* _GOAL OF THE EXERCISE_
Copy out the records that appear below, exactly as each one reads.

* _DATA EXTRACT_
(* Consider the system $\dot q=Mp$, $\dot p=-M^Tq-\nabla\psi(p)+Bu$ with $q,p\in\mathbb R^n$, where $M\in\mathbb R^{n\times n}$ is invertible, $B\in\mathbb R^{n\times m}$, and $\psi:\mathbb R^n\to\mathbb R$ is continuously differentiable with locally Lipschitz gradient, strictly convex, and satisfies $\lim_{\|x\|\to\infty}\psi(x)/\|x\|=\infty$. If the input $u\equiv\mathrm u\in\mathbb R^m$ is constant, then every trajectory satisfies $p(t)\to p_0=0$ and $q(t)\to q_0=(M^T)^{-1}B\mathrm u-(M^T)^{-1}\nabla\psi(0)$ as $t\to\infty$. *)

From Stdlib Require Import Reals Lra.
Open Scope R_scope.

(* Vectors of R^n are represented as functions nat -> R, of which only the
   entries with index i < n are meaningful; matrices as nat -> nat -> R. *)

Fixpoint rsum (n : nat) (f : nat -> R) : R :=
  match n with
  | O => 0
  | S k => rsum k f + f k
  end.

Definition dot (n : nat) (x y : nat -> R) : R := rsum n (fun i => x i * y i).
Definition vnorm (n : nat) (x : nat -> R) : R := sqrt (dot n x x).
Definition vsub (x y : nat -> R) : nat -> R := fun i => x i - y i.
Definition vcomb (a : R) (x : nat -> R) (b : R) (y : nat -> R) : nat -> R :=
  fun i => a * x i + b * y i.
Definition zerov : nat -> R := fun _ => 0.

Definition matvec (cols : nat) (A : nat -> nat -> R) (x : nat -> R) : nat -> R :=
  fun i => rsum cols (fun j => A i j * x j).
Definition matTvec (n : nat) (A : nat -> nat -> R) (x : nat -> R) : nat -> R :=
  fun i => rsum n (fun j => A j i * x j).

Definition is_inverse (n : nat) (A Ainv : nat -> nat -> R) : Prop :=
  forall i j, (i < n)%nat -> (j < n)%nat ->
    rsum n (fun k => A i k * Ainv k j) = (if Nat.eqb i j then 1 else 0) /\
    rsum n (fun k => Ainv i k * A k j) = (if Nat.eqb i j then 1 else 0).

* _RESPONSE TO THIS EXERCISE_
(* Consider the system $\dot q=Mp$, $\dot p=-M^Tq-\nabla\psi(p)+Bu$ with $q,p\in\mathbb R^n$, where $M\in\mathbb R^{n\times n}$ is invertible, $B\in\mathbb R^{n\times m}$, and $\psi:\mathbb R^n\to\mathbb R$ is continuously differentiable with locally Lipschitz gradient, strictly convex, and satisfies $\lim_{\|x\|\to\infty}\psi(x)/\|x\|=\infty$. If the input $u\equiv\mathrm u\in\mathbb R^m$ is constant, then every trajectory satisfies $p(t)\to p_0=0$ and $q(t)\to q_0=(M^T)^{-1}B\mathrm u-(M^T)^{-1}\nabla\psi(0)$ as $t\to\infty$. *)

From Stdlib Require Import Reals Lra.
Open Scope R_scope.

(* Vectors of R^n are represented as functions nat -> R, of which only the
   entries with index i < n are meaningful; matrices as nat -> nat -> R. *)

Fixpoint rsum (n : nat) (f : nat -> R) : R :=
  match n with
  | O => 0
  | S k => rsum k f + f k
  end.

Definition dot (n : nat) (x y : nat -> R) : R := rsum n (fun i => x i * y i).
Definition vnorm (n : nat) (x : nat -> R) : R := sqrt (dot n x x).
Definition vsub (x y : nat -> R) : nat -> R := fun i => x i - y i.
Definition vcomb (a : R) (x : nat -> R) (b : R) (y : nat -> R) : nat -> R :=
  fun i => a * x i + b * y i.
Definition zerov : nat -> R := fun _ => 0.

Definition matvec (cols : nat) (A : nat -> nat -> R) (x : nat -> R) : nat -> R :=
  fun i => rsum cols (fun j => A i j * x j).
Definition matTvec (n : nat) (A : nat -> nat -> R) (x : nat -> R) : nat -> R :=
  fun i => rsum n (fun j => A j i * x j).

Definition is_inverse (n : nat) (A Ainv : nat -> nat -> R) : Prop :=
  forall i j, (i < n)%nat -> (j < n)%nat ->
    rsum n (fun k => A i k * Ainv k j) = (if Nat.eqb i j then 1 else 0) /\
    rsum n (fun k => Ainv i k * A k j) = (if Nat.eqb i j then 1 else 0).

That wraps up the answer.